Я прижимала его к себе — как вор украденный кошелек или тигр добычу, — а он нес меня к своему дому, содрогаясь в пароксизме желания. Я понимала, что творится у него в душе: все законы рушатся, как доминошные кости, он понимает, что сейчас придется объяснять мне главное про это. Я решила остановиться. Цель достигнута, хватит с меня, незачем обрекать беднягу на вечные муки. Итак, после нескольких робких, но пьянящих ласк, насладившись его лучезарной улыбкой, благодарным взглядом сверкающих глаз, прикосновениями ладоней к голым ляжкам, языком, играющим с сосками, горячо поблагодарила и смылась, мысленно твердя: “Я для него — грех!”»
Наверное, странно чувствовать себя чьим-нибудь грехом… — прокомментировала Субра.

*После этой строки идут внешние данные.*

(* Let $X_1,\dots,X_N$ be random variables (jointly distributed arbitrarily) with values in $\{1,\dots,Z\}$, with marginals $p_i(z)=\Pr(X_i=z)$ and pooled distribution $P_z=\frac1N\sum_{i=1}^N p_i(z)$. Then $$\mathrm{PI}\le S(P)-\frac{1}{N^2}\sum_{i=1}^N\sum_{j=1}^N I(X_i:X_j),$$ where $I(X_i:X_j)$ is the mutual information (in bits) between $X_i$ and $X_j$, and $S(P)=-\sum_z P_z\log_2P_z$.
   Context: The positional information is $$\mathrm{PI}=\frac1N\sum_{i=1}^N\sum_{z=1}^Z p_i(z)\log_2\frac{p_i(z)}{P_z},$$ with the convention $0\log 0=0$. Shannon entropies and mutual informations are taken in base $2$. *)

From mathcomp Require Import all_boot all_order all_algebra.
From mathcomp Require Import reals exp.
Set Implicit Arguments. Unset Strict Implicit. Unset Printing Implicit Defensive.
Import Order.TTheory GRing.Theory Num.Theory.
Local Open Scope ring_scope.

Section Defs.
Variables (R : realType) (N Z : nat).

(* A joint distribution of (X_1,...,X_N), each X_i valued in 'I_Z
   (representing {1,...,Z}), is a pmf on outcomes x : 'I_N -> 'I_Z. *)
Definition outcome := {ffun 'I_N -> 'I_Z}.

Definition is_pmf (mu : {ffun outcome -> R}) : Prop :=
  (forall x, 0 <= mu x) /\ \sum_x mu x = 1.

Definition log2 (x : R) : R := ln x / ln 2.

Definition xlogxy (a b : R) : R := if a == 0 then 0 else a * log2 (a / b).

Definition marg (mu : {ffun outcome -> R}) (i : 'I_N) (z : 'I_Z) : R :=
  \sum_(x : outcome | x i == z) mu x.

Definition marg2 (mu : {ffun outcome -> R}) (i j : 'I_N) (a b : 'I_Z) : R :=
  \sum_(x : outcome | (x i == a) && (x j == b)) mu x.

Definition pooled (mu : {ffun outcome -> R}) (z : 'I_Z) : R :=
  N%:R^-1 * \sum_(i < N) marg mu i z.

Definition PI (mu : {ffun outcome -> R}) : R :=
  N%:R^-1 * \sum_(i < N) \sum_(z < Z) xlogxy (marg mu i z) (pooled mu z).

Definition entropyP (mu : {ffun outcome -> R}) : R :=
  - \sum_(z < Z) (if pooled mu z == 0 then 0 else pooled mu z * log2 (pooled mu z)).

Definition mutinfo (mu : {ffun outcome -> R}) (i j : 'I_N) : R :=
  \sum_(a < Z) \sum_(b < Z) xlogxy (marg2 mu i j a b) (marg mu i a * marg mu j b).

End Defs.

(* Writing p_i for the law of X_i, the defining sum splits as
   PI = S(P) - (1/N) sum_i H(X_i), because sum_i p_i(z) = N P_z.
   Each mutual information is bounded by an entropy, I(X_i:X_j) <= H(X_i),
   since Pr(X_i = a, X_j = b) <= Pr(X_j = b) makes every term of I(X_i:X_j)
   at most the matching term of H(X_i). Summing over the N^2 pairs gives
   (1/N^2) sum_(i,j) I(X_i:X_j) <= (1/N) sum_i H(X_i). *)
From mathcomp Require Import all_boot all_order all_algebra.
From mathcomp Require Import reals exp.
From mathcomp Require Import lra.
Import Order.TTheory GRing.Theory Num.Theory.
Local Open Scope ring_scope.

Section Log2.
Context {R : realType}.
Implicit Types a b c : R.

Lemma log2_div a b : 0 < a -> 0 < b -> log2 (a / b) = log2 a - log2 b.
Proof. by move=> a0 b0; rewrite /log2 ln_div ?posrE // mulrBl. Qed.

Lemma log2M a b : 0 < a -> 0 < b -> log2 (a * b) = log2 a + log2 b.
Proof. by move=> a0 b0; rewrite /log2 lnM ?posrE // mulrDl. Qed.

Lemma ler_log2 a b : 0 < a -> a <= b -> log2 a <= log2 b.
Proof.
move=> a0 ab; have b0 := lt_le_trans a0 ab.
rewrite /log2 ler_wpM2r ?ler_ln ?posrE //.
by rewrite invr_ge0 ltW // ln_gt0 // ltr1n.
Qed.

Lemma xlogxyE a b : xlogxy a b = a * log2 (a / b).
Proof. by rewrite /xlogxy; case: eqP => [->|]; rewrite ?mul0r. Qed.

Lemma xlogxy_split a b : 0 <= a -> (0 < a -> 0 < b) ->
  xlogxy a b = a * log2 a - a * log2 b.
Proof.
move=> a_ge0 b_gt0; rewrite xlogxyE.
have [->|a_neq0] := eqVneq a 0; first by rewrite !mul0r subrr.
have a_gt0 : 0 < a by rewrite lt0r a_neq0.
by rewrite log2_div ?b_gt0 // mulrBr.
Qed.

(* The term-wise comparison behind I(X_i:X_j) <= H(X_i), with
   c = Pr(X_i = a, X_j = b), a = Pr(X_i = a) and b = Pr(X_j = b). *)
Lemma xlogxy_mul_le a b c : 0 <= c -> c <= a -> c <= b ->
  xlogxy c (a * b) <= - (c * log2 a).
Proof.
move=> c_ge0 ca cb.
have [->|c_neq0] := eqVneq c 0; first by rewrite xlogxyE !mul0r oppr0.
have c_gt0 : 0 < c by rewrite lt0r c_neq0.
have a_gt0 := lt_le_trans c_gt0 ca; have b_gt0 := lt_le_trans c_gt0 cb.
rewrite xlogxy_split ?mulr_gt0 // log2M //.
have : c * (log2 c - log2 b) <= 0.
  by rewrite mulr_ge0_le0 // subr_le0 ler_log2.
rewrite mulrBr; lra.
Qed.

End Log2.

Section Marginals.
Context {R : realType} {N Z : nat} (mu : {ffun outcome N Z -> R}).
Hypothesis mu_ge0 : forall x, 0 <= mu x.

Lemma marg_ge0 i z : 0 <= marg mu i z.
Proof. exact: sumr_ge0. Qed.

Lemma marg2_ge0 i j a b : 0 <= marg2 mu i j a b.
Proof. exact: sumr_ge0. Qed.

Lemma marg2_le_margl i j a b : marg2 mu i j a b <= marg mu i a.
Proof.
rewrite /marg2 /marg [leRHS]big_mkcond [leLHS]big_mkcond.
by apply: ler_sum => x _; case: (x i == a); case: (x j == b).
Qed.

Lemma marg2_le_margr i j a b : marg2 mu i j a b <= marg mu j b.
Proof.
rewrite /marg2 /marg [leRHS]big_mkcond [leLHS]big_mkcond.
by apply: ler_sum => x _; case: (x i == a); case: (x j == b).
Qed.

Lemma sum_marg2 i j a : \sum_(b < Z) marg2 mu i j a b = marg mu i a.
Proof. by rewrite /marg (partition_big (fun x : outcome N Z => x j) xpredT). Qed.

Definition marg_entropy i : R :=
  - \sum_(a < Z) marg mu i a * log2 (marg mu i a).

Lemma mutinfo_le_entropy i j : mutinfo mu i j <= marg_entropy i.
Proof.
rewrite /mutinfo /marg_entropy -sumrN; apply: ler_sum => a _.
rewrite -[X in X * _](sum_marg2 i j) mulr_suml -sumrN; apply: ler_sum => b _.
by apply: xlogxy_mul_le; rewrite ?marg2_ge0 ?marg2_le_margl ?marg2_le_margr.
Qed.

Lemma sum_mutinfo_le :
  \sum_(i < N) \sum_(j < N) mutinfo mu i j <= N%:R * \sum_(i < N) marg_entropy i.
Proof.
rewrite mulr_sumr; apply: ler_sum => i _.
have -> : N%:R * marg_entropy i = \sum_(j < N) marg_entropy i.
  by rewrite sumr_const card_ord mulr_natl.
by apply: ler_sum => j _; apply: mutinfo_le_entropy.
Qed.

Hypothesis N_gt0 : (0 < N)%N.

Let N_neq0 : (N%:R : R) != 0. Proof. by rewrite pnatr_eq0 -lt0n. Qed.

Lemma sum_marg_pooled z : \sum_(i < N) marg mu i z = N%:R * pooled mu z.
Proof. by rewrite /pooled mulrA mulfV ?mul1r. Qed.

Lemma marg_le_pooled i z : marg mu i z <= N%:R * pooled mu z.
Proof.
rewrite -sum_marg_pooled (bigD1 i) //= lerDl.
by apply: sumr_ge0 => k _; apply: marg_ge0.
Qed.

Lemma entropyPE :
  entropyP mu = - \sum_(z < Z) pooled mu z * log2 (pooled mu z).
Proof.
by congr (- _); apply: eq_bigr => z _; case: eqP => [->|]; rewrite ?mul0r.
Qed.

Lemma PI_entropy : PI mu = entropyP mu - N%:R^-1 * \sum_(i < N) marg_entropy i.
Proof.
have pooled_gt0 i z : 0 < marg mu i z -> 0 < pooled mu z.
  move=> /lt_le_trans /(_ (marg_le_pooled i z)).
  by rewrite pmulr_rgt0 // ltr0n.
rewrite /PI.
under eq_bigr do under eq_bigr do rewrite (xlogxy_split _ _ (marg_ge0 _ _) (pooled_gt0 _ _)).
under eq_bigr do rewrite sumrB.
rewrite sumrB [X in _ - X]exchange_big /=.
under [X in _ - X]eq_bigr do rewrite -mulr_suml sum_marg_pooled -mulrA.
rewrite -mulr_sumr entropyPE /marg_entropy sumrN mulrN mulrBr mulKf //; lra.
Qed.

End Marginals.

Theorem mainTheorem4 (R : realType) (N Z : nat) (mu : {ffun outcome N Z -> R}) :
  (0 < N)%N -> is_pmf mu ->
  PI mu <= entropyP mu - (N%:R ^+ 2)^-1 * \sum_(i < N) \sum_(j < N) mutinfo mu i j.
Proof.
move=> N_gt0 [mu_ge0 _]; rewrite (PI_entropy _ mu_ge0 N_gt0) lerD2l lerN2.
have -> : N%:R^-1 * \sum_(i < N) marg_entropy mu i =
    (N%:R ^+ 2)^-1 * (N%:R * \sum_(i < N) marg_entropy mu i) :> R.
  by rewrite expr2 invfM -mulrA mulKf // pnatr_eq0 -lt0n.
apply: ler_wpM2l; last exact: (sum_mutinfo_le _ mu_ge0).
by rewrite invr_ge0 exprn_ge0 ?ler0n.
Qed.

«Позже, во взрослой жизни, я неоднократно убеждалась в справедливости этой максимы — в Газе, Стамбуле, Ватикане, на горе Афон и на пороге парижской табачной лавочки. Я — такая, какая я есть, неподвижная, молчащая, одетая, не делающая оскорбительных жестов, никому не угрожающая, не торгующая автоматами Калашникова, героином, педофильским порно, я — спокойная, улыбчивая, приличная женщина — олицетворяю собой грех для мужчин, которым не повезло увидеть меня здесь и сейчас.